Work instructions →
For the entries below, repeat exactly each line starting with the one that contains "orb (eval v a) (eval v b)" and going on through the one that contains "apply: contraNneq Qi_nunit => W0.", and no others.

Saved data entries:
#####

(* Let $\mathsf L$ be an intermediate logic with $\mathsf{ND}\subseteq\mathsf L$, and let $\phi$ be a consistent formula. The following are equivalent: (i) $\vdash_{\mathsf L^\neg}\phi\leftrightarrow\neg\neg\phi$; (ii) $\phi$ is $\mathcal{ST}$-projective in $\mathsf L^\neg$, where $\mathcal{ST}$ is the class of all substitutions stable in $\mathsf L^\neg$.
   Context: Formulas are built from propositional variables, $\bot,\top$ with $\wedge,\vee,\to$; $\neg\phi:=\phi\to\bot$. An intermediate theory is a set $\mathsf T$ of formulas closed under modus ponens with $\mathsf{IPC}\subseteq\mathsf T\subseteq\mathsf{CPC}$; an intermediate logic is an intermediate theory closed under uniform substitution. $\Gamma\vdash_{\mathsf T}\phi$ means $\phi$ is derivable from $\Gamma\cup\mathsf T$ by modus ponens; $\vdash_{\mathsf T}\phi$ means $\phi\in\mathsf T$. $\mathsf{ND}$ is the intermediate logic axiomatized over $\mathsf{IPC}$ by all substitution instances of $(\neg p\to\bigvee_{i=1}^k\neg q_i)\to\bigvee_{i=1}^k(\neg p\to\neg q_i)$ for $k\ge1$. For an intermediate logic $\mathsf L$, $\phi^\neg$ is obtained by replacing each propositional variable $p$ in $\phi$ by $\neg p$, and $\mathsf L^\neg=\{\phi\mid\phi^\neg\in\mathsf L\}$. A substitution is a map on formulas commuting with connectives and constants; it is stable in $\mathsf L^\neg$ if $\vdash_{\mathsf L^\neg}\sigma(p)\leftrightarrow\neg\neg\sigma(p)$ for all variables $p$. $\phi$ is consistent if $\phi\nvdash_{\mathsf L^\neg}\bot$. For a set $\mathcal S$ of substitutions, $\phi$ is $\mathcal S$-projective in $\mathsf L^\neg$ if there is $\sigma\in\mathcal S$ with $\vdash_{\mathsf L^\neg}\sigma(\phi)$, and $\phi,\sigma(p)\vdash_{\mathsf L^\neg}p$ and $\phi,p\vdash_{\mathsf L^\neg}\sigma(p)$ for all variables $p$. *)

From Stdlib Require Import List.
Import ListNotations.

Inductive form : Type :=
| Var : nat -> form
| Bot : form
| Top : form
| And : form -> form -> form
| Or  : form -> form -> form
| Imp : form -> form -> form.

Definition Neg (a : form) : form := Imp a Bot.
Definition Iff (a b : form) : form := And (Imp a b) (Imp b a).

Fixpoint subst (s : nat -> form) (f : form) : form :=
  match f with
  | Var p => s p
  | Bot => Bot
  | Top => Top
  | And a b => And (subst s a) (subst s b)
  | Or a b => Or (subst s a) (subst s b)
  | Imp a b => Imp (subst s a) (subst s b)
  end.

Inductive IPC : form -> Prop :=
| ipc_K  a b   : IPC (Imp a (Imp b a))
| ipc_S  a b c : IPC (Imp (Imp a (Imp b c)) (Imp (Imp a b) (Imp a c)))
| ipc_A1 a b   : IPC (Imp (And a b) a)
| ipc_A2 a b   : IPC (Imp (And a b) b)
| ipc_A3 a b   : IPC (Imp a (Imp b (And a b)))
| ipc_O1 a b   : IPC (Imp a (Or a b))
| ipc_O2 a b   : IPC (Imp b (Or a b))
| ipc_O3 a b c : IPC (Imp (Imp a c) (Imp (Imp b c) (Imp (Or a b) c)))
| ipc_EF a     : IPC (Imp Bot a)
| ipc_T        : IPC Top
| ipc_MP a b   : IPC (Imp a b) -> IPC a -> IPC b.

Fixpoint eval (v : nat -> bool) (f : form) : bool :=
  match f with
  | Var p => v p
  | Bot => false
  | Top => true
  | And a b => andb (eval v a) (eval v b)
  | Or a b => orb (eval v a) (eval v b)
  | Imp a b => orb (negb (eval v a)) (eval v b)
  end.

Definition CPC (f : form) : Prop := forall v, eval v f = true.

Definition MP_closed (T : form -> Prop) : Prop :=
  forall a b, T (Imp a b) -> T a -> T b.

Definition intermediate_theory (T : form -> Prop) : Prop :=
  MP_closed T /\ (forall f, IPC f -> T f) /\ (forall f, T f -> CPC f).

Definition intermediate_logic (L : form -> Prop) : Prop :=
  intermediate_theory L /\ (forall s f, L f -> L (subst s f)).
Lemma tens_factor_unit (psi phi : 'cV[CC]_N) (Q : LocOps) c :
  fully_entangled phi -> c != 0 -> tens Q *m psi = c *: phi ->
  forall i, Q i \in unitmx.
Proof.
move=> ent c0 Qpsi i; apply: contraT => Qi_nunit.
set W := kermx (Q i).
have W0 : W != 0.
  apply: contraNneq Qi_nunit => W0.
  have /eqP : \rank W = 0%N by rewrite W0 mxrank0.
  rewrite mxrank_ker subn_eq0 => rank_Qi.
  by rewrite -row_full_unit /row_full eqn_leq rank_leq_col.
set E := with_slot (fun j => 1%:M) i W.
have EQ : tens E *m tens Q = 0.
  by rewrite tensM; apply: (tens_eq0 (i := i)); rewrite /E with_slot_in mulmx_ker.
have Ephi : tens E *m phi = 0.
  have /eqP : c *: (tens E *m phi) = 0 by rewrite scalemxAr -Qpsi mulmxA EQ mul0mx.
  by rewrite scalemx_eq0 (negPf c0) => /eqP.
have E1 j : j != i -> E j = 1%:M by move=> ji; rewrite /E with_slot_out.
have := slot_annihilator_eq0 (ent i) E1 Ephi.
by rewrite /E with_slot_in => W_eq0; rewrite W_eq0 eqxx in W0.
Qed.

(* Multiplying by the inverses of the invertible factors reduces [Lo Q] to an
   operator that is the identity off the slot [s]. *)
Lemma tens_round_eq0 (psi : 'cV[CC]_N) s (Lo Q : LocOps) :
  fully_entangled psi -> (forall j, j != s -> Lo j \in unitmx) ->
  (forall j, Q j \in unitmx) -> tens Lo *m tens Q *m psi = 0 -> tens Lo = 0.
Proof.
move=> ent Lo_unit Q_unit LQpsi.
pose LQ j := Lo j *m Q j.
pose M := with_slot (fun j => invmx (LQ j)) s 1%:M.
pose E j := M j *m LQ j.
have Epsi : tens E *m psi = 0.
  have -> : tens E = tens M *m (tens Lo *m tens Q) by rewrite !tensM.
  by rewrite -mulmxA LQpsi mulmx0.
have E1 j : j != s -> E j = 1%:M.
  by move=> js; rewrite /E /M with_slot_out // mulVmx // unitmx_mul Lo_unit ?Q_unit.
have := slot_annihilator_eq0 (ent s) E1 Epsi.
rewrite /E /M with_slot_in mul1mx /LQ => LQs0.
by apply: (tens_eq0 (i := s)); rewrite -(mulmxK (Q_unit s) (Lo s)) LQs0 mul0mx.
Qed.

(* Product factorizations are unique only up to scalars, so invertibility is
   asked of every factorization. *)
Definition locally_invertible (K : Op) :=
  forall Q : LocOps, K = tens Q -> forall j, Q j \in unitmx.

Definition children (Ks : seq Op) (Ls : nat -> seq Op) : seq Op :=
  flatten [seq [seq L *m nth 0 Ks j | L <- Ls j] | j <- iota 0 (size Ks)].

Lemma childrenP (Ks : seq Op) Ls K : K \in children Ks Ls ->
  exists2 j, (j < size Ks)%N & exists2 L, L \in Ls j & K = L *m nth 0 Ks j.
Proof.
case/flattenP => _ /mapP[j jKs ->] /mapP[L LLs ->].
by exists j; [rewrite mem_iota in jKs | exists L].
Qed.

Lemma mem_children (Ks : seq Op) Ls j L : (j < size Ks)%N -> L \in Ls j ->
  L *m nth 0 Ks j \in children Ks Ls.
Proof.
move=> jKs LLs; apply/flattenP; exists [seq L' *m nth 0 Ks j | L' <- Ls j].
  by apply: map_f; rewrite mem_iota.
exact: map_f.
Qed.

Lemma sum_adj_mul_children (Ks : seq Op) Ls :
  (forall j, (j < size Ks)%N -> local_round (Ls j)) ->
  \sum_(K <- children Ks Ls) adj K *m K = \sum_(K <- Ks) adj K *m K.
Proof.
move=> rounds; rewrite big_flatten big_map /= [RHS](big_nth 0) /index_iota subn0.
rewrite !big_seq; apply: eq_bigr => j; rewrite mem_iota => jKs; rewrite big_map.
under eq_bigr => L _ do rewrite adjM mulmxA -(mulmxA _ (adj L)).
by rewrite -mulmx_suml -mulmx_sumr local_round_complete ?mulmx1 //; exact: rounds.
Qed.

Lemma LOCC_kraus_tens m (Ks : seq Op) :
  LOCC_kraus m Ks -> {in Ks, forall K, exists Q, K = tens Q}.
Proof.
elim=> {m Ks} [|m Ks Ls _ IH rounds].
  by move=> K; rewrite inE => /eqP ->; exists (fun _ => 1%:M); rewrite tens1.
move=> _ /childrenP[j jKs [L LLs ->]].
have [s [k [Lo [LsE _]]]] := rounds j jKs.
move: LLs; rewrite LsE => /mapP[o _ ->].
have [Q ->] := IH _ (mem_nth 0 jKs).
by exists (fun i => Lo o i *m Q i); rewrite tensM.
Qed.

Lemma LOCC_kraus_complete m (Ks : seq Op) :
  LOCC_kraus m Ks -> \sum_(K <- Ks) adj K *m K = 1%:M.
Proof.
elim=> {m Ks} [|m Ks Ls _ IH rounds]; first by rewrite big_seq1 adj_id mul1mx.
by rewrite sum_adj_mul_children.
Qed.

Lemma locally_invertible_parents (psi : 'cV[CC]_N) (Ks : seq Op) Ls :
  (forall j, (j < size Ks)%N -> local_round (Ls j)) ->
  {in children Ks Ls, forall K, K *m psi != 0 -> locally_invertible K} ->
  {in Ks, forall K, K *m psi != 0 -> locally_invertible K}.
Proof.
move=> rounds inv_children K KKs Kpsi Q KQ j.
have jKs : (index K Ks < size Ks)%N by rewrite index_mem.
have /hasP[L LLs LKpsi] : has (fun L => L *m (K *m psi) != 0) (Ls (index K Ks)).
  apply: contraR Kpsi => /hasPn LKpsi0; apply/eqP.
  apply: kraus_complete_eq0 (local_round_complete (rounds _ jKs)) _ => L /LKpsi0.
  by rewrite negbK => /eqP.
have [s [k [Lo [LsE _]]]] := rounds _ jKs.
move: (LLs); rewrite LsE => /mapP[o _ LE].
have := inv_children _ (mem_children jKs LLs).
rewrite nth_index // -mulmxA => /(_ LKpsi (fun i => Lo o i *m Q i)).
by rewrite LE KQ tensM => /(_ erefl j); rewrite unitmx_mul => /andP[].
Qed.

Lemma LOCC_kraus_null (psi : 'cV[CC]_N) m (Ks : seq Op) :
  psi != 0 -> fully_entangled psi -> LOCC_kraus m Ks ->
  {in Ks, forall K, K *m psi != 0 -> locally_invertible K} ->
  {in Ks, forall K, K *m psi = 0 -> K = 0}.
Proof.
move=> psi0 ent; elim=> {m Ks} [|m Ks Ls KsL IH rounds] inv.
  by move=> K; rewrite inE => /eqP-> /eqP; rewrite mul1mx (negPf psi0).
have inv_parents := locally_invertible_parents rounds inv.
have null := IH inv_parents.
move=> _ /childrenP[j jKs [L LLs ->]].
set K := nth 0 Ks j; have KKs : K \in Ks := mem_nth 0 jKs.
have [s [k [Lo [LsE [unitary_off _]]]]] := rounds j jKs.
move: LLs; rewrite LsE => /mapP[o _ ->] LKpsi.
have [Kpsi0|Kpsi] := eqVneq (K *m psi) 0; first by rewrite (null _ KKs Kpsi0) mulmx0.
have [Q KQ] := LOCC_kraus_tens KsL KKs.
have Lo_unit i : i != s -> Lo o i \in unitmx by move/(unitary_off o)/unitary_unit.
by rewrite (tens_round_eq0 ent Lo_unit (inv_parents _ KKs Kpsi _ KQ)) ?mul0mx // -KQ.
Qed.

#####

Problem solution →
  | Or a b => orb (eval v a) (eval v b)
  | Imp a b => orb (negb (eval v a)) (eval v b)
  end.

Definition CPC (f : form) : Prop := forall v, eval v f = true.

Definition MP_closed (T : form -> Prop) : Prop :=
  forall a b, T (Imp a b) -> T a -> T b.

Definition intermediate_theory (T : form -> Prop) : Prop :=
  MP_closed T /\ (forall f, IPC f -> T f) /\ (forall f, T f -> CPC f).

Definition intermediate_logic (L : form -> Prop) : Prop :=
  intermediate_theory L /\ (forall s f, L f -> L (subst s f)).
Lemma tens_factor_unit (psi phi : 'cV[CC]_N) (Q : LocOps) c :
  fully_entangled phi -> c != 0 -> tens Q *m psi = c *: phi ->
  forall i, Q i \in unitmx.
Proof.
move=> ent c0 Qpsi i; apply: contraT => Qi_nunit.
set W := kermx (Q i).
have W0 : W != 0.
  apply: contraNneq Qi_nunit => W0.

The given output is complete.